Your Body Is a Space That Sees has been shown in multiple exhibitions at institutions including Luis De Jesus Los Angeles, LUX Institute, Schneider Museum of Art in Ashland, Oregon, University of Maryland, Santa Barbara Museum of Art, and also in two large-scale exhibitions in Terminal 1 and Terminal 3 at LAX as part of an invitation from a partnership between LAWA and the City of Los Angeles Department of Cultural Affairs. This work has been reviewed in The Washington Post, The Los Angeles Times, The San Diego Tribune, Diamondback News, and Space.com.

=== Double Horizon ===
Halloran's first video installation, Double Horizon (2019), features a 3-channel piece with footage of Halloran exploring Los Angeles from the sky, filmed by attaching cameras to a small Cessna plane while she was learning to fly. Exploring the city around her is an extension of her photographic series Dark Skate. "Her ongoing investigations into the personal, physical, psychological, and scientific exploration of space are the primary focus of these new works as the viewer encounters Halloran both skateboarding the vast urban landscape of Los Angeles and flying above and around its dynamic terrain." "The journey of 'Double Horizon' is one guided by the artist herself, as the piece acts both as a video portrait of Halloran’s flight experience and as an homage to Los Angeles."

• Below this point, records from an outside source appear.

Lemma Forall2_clos_rt_iter xs ys : Forall (fun y => R y y) ys ->
  Forall2 (clos_refl_trans A R) xs ys -> exists k, Forall2 (iter k) xs ys.
Proof.
  intros Hys H; induction H as [|x y xs ys Hxy _ IH]; [exists 0; constructor|].
  inversion Hys as [|? ? Hy Hys']; subst.
  destruct (IH Hys') as [k Hk], (clos_rt_iter Hxy) as [n Hn].
  exists (max n k); constructor.
  - eapply iter_pad; [eassumption | eassumption | lia].
  - eapply Forall2_iter_pad; [eassumption | eassumption | lia].
Qed.

Lemma Forall2_clos_rt_cong {B : Type} (S : relation B) (F : list A -> B) xs ys :
  (forall xs xs', Forall2 R xs xs' -> clos_refl_trans B S (F xs) (F xs')) ->
  Forall (fun y => R y y) ys ->
  Forall2 (clos_refl_trans A R) xs ys -> clos_refl_trans B S (F xs) (F ys).
Proof.
  intros HF Hys Hxs; destruct (Forall2_clos_rt_iter Hys Hxs) as [k Hk]; clear Hxs.
  revert xs Hk; induction k as [|k IH]; intros xs Hk.
  - rewrite (Forall2_iter_0 Hk); apply rt_refl.
  - destruct (Forall2_iter_S Hk) as (xs' & Hxs' & Hk').
    eapply rt_trans; [apply HF, Hxs' | apply IH, Hk'].
Qed.

End Closures.

Section Lists.
Context {A B : Type}.

Lemma Forall2_map_Forall {A' B' : Type} (R : A -> B -> Prop) (S : A' -> B' -> Prop)
  (f : A -> A') (g : B -> B') xs ys :
  Forall (fun y => forall x, R x y -> S (f x) (g y)) ys ->
  Forall2 R xs ys -> Forall2 S (map f xs) (map g ys).
Proof. intros Hys H; induction H; inversion Hys; subst; constructor; auto. Qed.

Lemma Forall2_one_step_r (R : A -> B -> Prop) (S : relation B) xs ys ys' :
  Forall (fun y => forall x y', R x y -> S y y' -> R x y') ys ->
  Forall2 R xs ys -> one_step S ys ys' -> Forall2 R xs ys'.
Proof.
  intros Hys Hxs Hs; revert xs Hxs; induction Hs; intros xs Hxs;
    inversion Hxs; inversion Hys; subst; constructor; eauto.
Qed.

This piece has been shown at Luis De Jesus Los Angeles, Art Center's Mullins Gallery, The University of Maryland, and The Exploratorium in San Francisco. Halloran gave an interview about this work in Flaunt magazine.

=== Solar ===
Commissioned by the Simons Foundation, Halloran’s 10-foot x 11-foot painted cyanotype, Solar, is installed at the Flatiron Institute Center for Computational Astrophysics in New York. Solar's large-scale cyanotypes and their painted negatives pay homage to the sun. Additional works also a part of the Solar series were featured in the 2021 The Sun Burns My Eyes Like Moons installation at Luis De Jesus Los Angeles: "Cyanotypes are created by exposing paper coated with photo-reactive chemicals directly to sunlight; but in Halloran’s work, capturing the rays of the sun as a material in her technique is only one aspect — the imagery and symbolism present in the compositions is furthermore about rendering the sun itself. Her images derivative of the symmetrical progressions of solar eclipses were made by harnessing the sun’s own rays, so that what results is both a direct dynamic embodiment and an affecting allegorical narrative at the same time."

== Publications ==

=== The Warped Side of the Universe ===
Over a period of over 13 years, Lia Halloran and Nobel Laureate Kip Thorne collaborated on creating a book of poetry and paintings titled The Warped Side of the Universe, for which Lia Halloran created nearly 500 individual paintings, approximately 100 of which are featured in the final publication (October 2023, Norton/ Liveright). The Warped Side of the Universe, featuring Thorne's poetry alongside Halloran's paintings, doubles as a vehicle for communicating major scientific breakthroughs of our time to a wide audience.

== Recognition ==
As an artist who often incorporates science and nature to create projects that draw from scientific materials, historical influences, and identities, Lia Halloran has participated in a wide range of interdisciplinary collaborations with scientists and architects, including an upcoming book with Nobel Laureate Kip Thorne about the ‘Warped Side of the Universe.’ Her work has been exhibited in galleries and museums nationally and internationally, and she is the recipient of various awards including an Art Works Grant from the National Endowment of the Arts, The City of Los Angeles Visual Artist Fellowship, a residency at Caltech and the Huntington Research Institute, a residency at Pioneer Works in Brooklyn, NY, and a residency at the American Natural History Museum Astrophysics Department in New York, among others. Her work is included in various permanent collections including the Solomon R. Guggenheim Museum, New York, and permanent installations at the Simons Foundation in New York and the Cahill Center for Astronomy and Astrophysics at Caltech in Pasadena, CA.